Background: Whether patients with acute stroke and large vessel occlusion (LVO) may benefit from prehospital identification and diversion by EMS to a center offering endovascular therapy (EST) is controversial. The accuracy of prehospital scales as predictors of LVO is only one feature of whether EMS can effectively identify patients suitable for EST. Other factors include accuracy of last known well time (LTKW) and identification of stroke mimics. We performed a population-based estimate of potential accuracy of field based identification of potential EST candidates in a large community setting.
Methods: In Kaiser Permanente Northern California, all acute stroke patients arriving at its 19 primary stroke centers (PSC) between 7am and 12am were evaluated on arrival by stroke neurologists by video. We reviewed the teleneurology notes to determine the potential accuracy of EST selection based on NIHSS score > 7.

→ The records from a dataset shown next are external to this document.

Lemma entr_le_tangent x m : 0 <= x -> 0 < m ->
  entr x <= entr m + (x - m) * (- ln m - 1).
Proof.
move=> x0 m0; have [->|xn0] := eqVneq x 0; first by rewrite entr0 /entr; lra.
have xp : 0 < x by rewrite lt_def xn0.
have := ln_le_subr1 (divr_gt0 m0 xp); rewrite ln_div ?posrE //.
move=> /(ler_wpM2l x0); rewrite mulrBr [x * (m / x - 1)]mulrBr mulrCA divff // mulr1.
by rewrite /entr; lra.
Qed.

Lemma ln_le_N1 x : 0 < x -> x <= expR (-1) -> ln x <= -1.
Proof. by move=> x0 xe; rewrite -[-1]expRK ler_ln ?posrE ?expR_gt0. Qed.

Lemma quarter_le_expRN1 : 1 / 4 <= expR (-1) :> R.
Proof.
have ln2 : 1 / 2 <= ln (2 : R).
  have half0 : 0 < 2^-1 :> R by rewrite invr_gt0.
  by have := ln_le_subr1 half0; rewrite lnV ?posrE //; lra.
have -> : 1 / 4 = expR (- ln 4) :> R by rewrite expRN lnK ?posrE // div1r.
rewrite ler_expR lerN2 (_ : 4 = 2 * 2 :> R); last by rewrite -natrM.
by rewrite lnM ?posrE //; lra.
Qed.

Lemma entr_ge_id x : 0 <= x <= expR (-1) -> x <= entr x.
Proof.
case/andP=> x0 xe; have [->|xn0] := eqVneq x 0; first by rewrite entr0.
have xp : 0 < x by rewrite lt_def xn0.
have := ln_le_N1 xp xe; rewrite /entr; nra.
Qed.

Lemma entr_le_homo x m : 0 <= x -> x <= m -> m <= expR (-1) -> entr x <= entr m.
Proof.
move=> x0 xm me; have [m0|mn0] := eqVneq m 0.
  by have -> : x = m by apply/le_anti; rewrite xm m0 x0.
have mp : 0 < m by rewrite lt_def mn0 (le_trans x0 xm).
have := entr_le_tangent x0 mp; have := ln_le_N1 mp me; nra.
Qed.

Lemma entr_le_entrM2 r : 0 <= r <= 1 / 4 -> entr r <= entr (2 * r).
Proof.
case/andP=> r0 r4; have [->|rn0] := eqVneq r 0; first by rewrite mulr0.
have rp : 0 < r by rewrite lt_def rn0.
have ln4r : ln (2 * (2 * r)) <= 0 by apply: ln_le0; lra.
rewrite !lnM ?posrE ?mulr_gt0 // in ln4r.
rewrite /entr lnM ?posrE //; nra.
Qed.

Lemma entrD_le x y : 0 <= x -> 0 <= y -> entr (x + y) <= entr x + entr y.
Proof.
move=> x0 y0; have [->|xn0] := eqVneq x 0; first by rewrite add0r entr0 add0r.
have [->|yn0] := eqVneq y 0; first by rewrite addr0 entr0 addr0.
have xp : 0 < x by rewrite lt_def xn0.
have yp : 0 < y by rewrite lt_def yn0.
have lnx : ln x <= ln (x + y) by rewrite ler_ln ?posrE ?addr_gt0 //; lra.
have lny : ln y <= ln (x + y) by rewrite ler_ln ?posrE ?addr_gt0 //; lra.
rewrite /entr; nra.
Qed.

Results: For 2016, there were 2546 total potential stroke alerts triaged by EMS as having potential acute strokes [Figure]. Of these, 1268 (50%) were not candidates for acute stroke treatment for various reasons including stroke mimics and inaccurate LTKW. Out of 1241 cases deemed candidates for acute stroke treatment, 638 (25.1%) had potential LVO based on NIHSS > 7. Of these, 116 (4.6% of total “potential strokes” and 18.2% of patients who had “severe” strokes) were diagnosed with LVO and treated with EST.
Conclusions: Even if field based tools were as accurate as clinical scoring by stroke neurologists, less than 1 in 4 patients diverted to endovascular stroke centers and away from closer PSC would benefit by receiving EST. Given that 50% of patients triaged by EMS did not qualify for any acute stroke treatment, a lower percentage of patients would actually benefit from field based diversion. Stroke systems may be better served by focusing on rapid treatment, evaluation, and transfer to endovascular centers than field based diversion strategies.